Your focus should be on reducing all sugary and starchy foods as these deliver too much sugar into the bloodstream too quickly.

  1. Starchy grains: Did you know that all grains – like wheat, oats and barley – are starches? They are a rich source of simple sugars (glucose) which become transported into the bloodstream. However, white refined grains – like bread, pasta and white rice – have lost their fibre content. These are digested more rapidly to become simple sugars, which can spike blood sugar levels. So you want to avoid white refined grains and only eat wholegrains (such as oats, brown rice, and wholegrain bread) in small portions, once a day. My top tip is to avoid pasta altogether!
  2. Wheat-based products: Far too many of our food choices contain wheat. Think pizza, pies, pastry, crackers, cakes and biscuits. These tend to lack sufficient protein and fats and are often served alongside more starchy foods like potatoes. It’s a starch/sugar overload! My tip is to choose one or the other.
  3. Starchy (root) vegetables: The word starch highlights the sugar content of these foods. Many of these are what we know as the “root” vegetables like potatoes (both white and sweet varieties), parsnips, swede, beetroot and turnips. Sweetcorn and butternut squash are also starchy vegetables. Beetroot, sweet potato and squashes are nutritious choices, so you can eat these in moderation.

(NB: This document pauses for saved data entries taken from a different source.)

Lemma coef_comp_XaddC (R : comNzRingType) (p : {poly R}) c j : (size p <= j.+2)%N ->
  (p \Po ('X + c%:P))`_j = p`_j + p`_j.+1 * c *+ j.+1.
Proof.
elim/poly_ind: p j => [|p a IHp] j le_pj; first by rewrite comp_poly0 !coef0 mul0r mul0rn addr0.
have le_p : (size p <= j.+1)%N.
  by move: le_pj; rewrite size_MXaddC; case: eqP => [->|_]; rewrite ?size_poly0.
rewrite comp_poly_MXaddC mulrDr !coefD coefMX coefMC !coefC !coefMX.
case: j le_pj le_p => [|i] _ le_p /=.
  by rewrite IHp ?(leq_trans le_p) // (nth_default _ le_p) mul0r mul0rn !addr0 !add0r mulr1n addrC.
rewrite IHp ?(leq_trans le_p) // [in X in _ + X * c]IHp ?(leq_trans le_p) // (nth_default _ le_p).
by rewrite mul0r mul0rn !addr0 -addrA -mulrSr.
Qed.

Lemma comp_poly_taylor1 (R : comNzRingType) (p s c : {poly R}) :
  exists q, p \Po (s + c) = p \Po s + (p^`() \Po s) * c + c ^+ 2 * q.
Proof.
elim/poly_ind: p => [|p a [q IHq]]; first by exists 0; rewrite deriv0 !comp_poly0; ring.
exists (p^`() \Po s + q * (s + c)).
by rewrite derivMXaddC !comp_poly_MXaddC comp_polyD comp_polyM comp_polyX IHq; ring.
Qed.

Lemma dvdp_comp_sub (R : idomainType) (p a b : {poly R}) : a - b %| (p \Po a) - (p \Po b).
Proof.
elim/poly_ind: p => [|p c IHp]; first by rewrite !comp_poly0 subrr dvdp0.
have -> : ((p * 'X + c%:P) \Po a) - ((p * 'X + c%:P) \Po b) =
          ((p \Po a) - (p \Po b)) * a + (p \Po b) * (a - b).
  by rewrite !comp_poly_MXaddC; ring.
by apply: dvdp_add; [exact: dvdp_mulr | exact: dvdp_mull (dvdpp _)].
Qed.

Section PolyField.
Variable R : fieldType.
Implicit Types p q f g h s : {poly R}.

Lemma coprimep_prodr f (gs : seq {poly R}) :
  (forall g, g \in gs -> coprimep f g) -> coprimep f (\prod_(g <- gs) g).
Proof.
elim: gs => [|g gs IHgs] cop_f; first by rewrite big_nil coprimep1.
rewrite big_cons coprimepMr cop_f ?mem_head ?IHgs // => g' g'_gs.
by rewrite cop_f // inE g'_gs orbT.
Qed.

Section PairwiseCoprime.
Variable fs : seq {poly R}.
Hypothesis fs_coprime : pairwise (@coprimep R) fs.

Lemma separable_prod_coprime :
  {in fs, forall f, separable_poly f} -> separable_poly (\prod_(f <- fs) f).
Proof.
elim: fs fs_coprime => [|f gs IHgs] /=; first by rewrite big_nil unlock /separable_poly coprime1p.
move=> /andP[/allP cop_f cop_gs] sep; rewrite big_cons separable_mul coprimep_prodr //.
by rewrite sep ?mem_head // IHgs // => g g_gs; rewrite sep // inE g_gs orbT.
Qed.

Lemma dvdp_prod_coprime q :
  {in fs, forall f, f %| q} -> \prod_(f <- fs) f %| q.
Proof.
elim: fs fs_coprime => [|f gs IHgs] /=; first by rewrite big_nil dvd1p.
move=> /andP[/allP cop_f cop_gs] dvd_q; rewrite big_cons Gauss_dvdp ?coprimep_prodr //.
by rewrite dvd_q ?mem_head // IHgs // => g g_gs; rewrite dvd_q // inE g_gs orbT.
Qed.

Lemma poly_chinese (r : {poly R} -> {poly R}) :
  exists h, forall f, f \in fs -> f %| h - r f.
Proof.
elim: fs fs_coprime => [|f gs IHgs] /=; first by exists 0.
move=> /andP[/allP cop_f /IHgs[h' h'_r]].
set Q := \prod_(g <- gs) g.
have [[u v] /= uv1] := Bezout_eq1_coprimepP _ _ (coprimep_prodr cop_f).
exists (h' + v * Q * (r f - h')) => g; rewrite inE => /predU1P[->|g_gs].
  have -> : v * Q = 1 - u * f by rewrite -uv1 addrC addKr.
  by apply/dvdpP; exists ((h' - r f) * u); ring.
have /dvdpP[q1 Q_eq] : g %| Q by rewrite /Q (big_rem g) //= dvdp_mulIl.
have /dvdpP[q2 h'_eq] := h'_r g g_gs.
by apply/dvdpP; exists (q2 + v * q1 * (r f - h')); rewrite mulrDl -h'_eq Q_eq; ring.
Qed.
End PairwiseCoprime.

(* Newton's iteration [s := s - P(s) v] in [R[X]], where [u P + v P' = 1]. *)
Lemma hensel_lift (P : {poly R}) k : separable_poly P ->
  exists s, P %| s - 'X /\ P ^+ k.+1 %| P \Po s.
Proof.
rewrite unlock => /Bezout_eq1_coprimepP[[u v] /= uv1].
elim: k => [|k [s [/dvdpP[b s_eq] /dvdpP[a Ps_eq]]]].
  by exists 'X; rewrite subrr dvdp0 expr1 comp_polyXr dvdpp.
set c := - (P \Po s) * v.
exists (s + c); split.
  by apply/dvdpP; exists (b - a * P ^+ k * v); rewrite addrAC s_eq /c Ps_eq exprS; ring.
have [q P_taylor] := comp_poly_taylor1 P s c.
have [r P'_eq] := dvdpP _ _ (dvdp_comp_sub P^`() s 'X).
have P's : P^`() \Po s = P^`() + r * (b * P).
  by rewrite -s_eq -P'_eq comp_polyXr addrC subrK.
apply/dvdpP; exists (u * a - r * b * a * v + P ^+ k * a ^+ 2 * v ^+ 2 * q).
apply/eqP; rewrite -subr_eq0; apply/eqP.
transitivity ((1 - (u * P + v * P^`())) * (P ^+ k.+1 * a)); last by rewrite uv1 subrr mul0r.
by rewrite P_taylor P's /c Ps_eq !exprS; ring.
Qed.
(* Assume $\sum_n n^2\pi(n)<\infty$. If $R_0\le1$, then $m=0$ is the unique solution in $[0,\bar\pi]$ of $\bar\mu_\infty(m)=m$. If $R_0>1$, then there exists a unique $m_\star\in(0,\bar\pi]$ with $\bar\mu_\infty(m_\star)=m_\star$.
   Context: $\lambda_L,\lambda_G,\gamma>0$; $\pi$ a probability distribution on $\mathbb N$ with mean $\bar\pi$. For constant $m\in[0,\bar\pi]$, $\mu_\infty(m)$ is the unique stationary distribution (with first marginal $\pi$) of $(\nu,X_t(m))$ where $\nu\sim\pi$ and $X_t(m) = X_0 + P_{inf}\big( \int_{0}^{t} [ \lambda_L X_s(m) + \lambda_G \frac{\nu}{\bar\pi}m ](1-\frac{X_s(m)}{\nu}) ds \big) - P_{rec}\big( \int_{0}^{t} \gamma X_s(m) ds \big)$ with independent standard Poisson processes; $\bar\mu_\infty(m)$ is the mean of the second coordinate under $\mu_\infty(m)$. $R_0=\frac{\lambda_G}{\bar\pi}\mathbb E\big[\nu\int_0^\infty I(t)dt\,\big|\,I(0)=1\big]$ where $\nu\sim\pi$ and $I(t)=I(0)+P_{inf}\big(\int_0^t\lambda_L(1-I(s)/\nu)I(s)ds\big)-P_{rec}\big(\int_0^t\gamma I(s)ds\big)$. *)

From Stdlib Require Import Reals Lra.
Open Scope R_scope.

(* For a household of size nu and constant global
   force m, X(m) is the continuous-time Markov chain on {0,...,nu} whose
   Poisson-clock representation in the paper gives the jump rates
     x -> x+1  at rate  birth lL lG pb m nu x
     x -> x-1  at rate  death g x.                                       *)
Definition birth (lL lG pb m : R) (nu x : nat) : R :=
  (lL * INR x + lG * (INR nu / pb) * m) * (1 - INR x / INR nu).

Definition death (g : R) (x : nat) : R := g * INR x.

And carrots, while belonging to the root vegetable family, are actually non-starchy. If you eat the others, keep them to small portions and do not eat them with other starchy foods: eg. potato and parsnip, beetroot and pasta, squash and rice. Choose one or the other.
  4. Cereals: Did you know that most of the cereals we eat are based on refined grains and deliver far too much sugar into the body? The marketing hype may mention added nutrients and fibre, but the carbohydrate/sugar levels are usually too high to be a wise breakfast choice. Also, you should be careful when choosing  “healthy looking” muesli or granola because the combination of grains and dried fruit increases the sugar content. My tip is to avoid them.
  5. Fruits: But fruit is healthy, right? Many fruits have a high sugar or starch level. Tropical fruits (pineapple, mango), grapes and bananas tend to be the worst culprits as they quickly deliver sugar into the bloodstream. Fruits should be eaten in moderation, no more than two portions a day. Dried fruit and fruit juices are even worse choices as they have even higher sugar levels. 

The vast majority of the population eats too many of these foods every day. Be mindful of your choices, reduce your overall intake and you will be helping to keep your risk of Type 2 Diabetes at bay.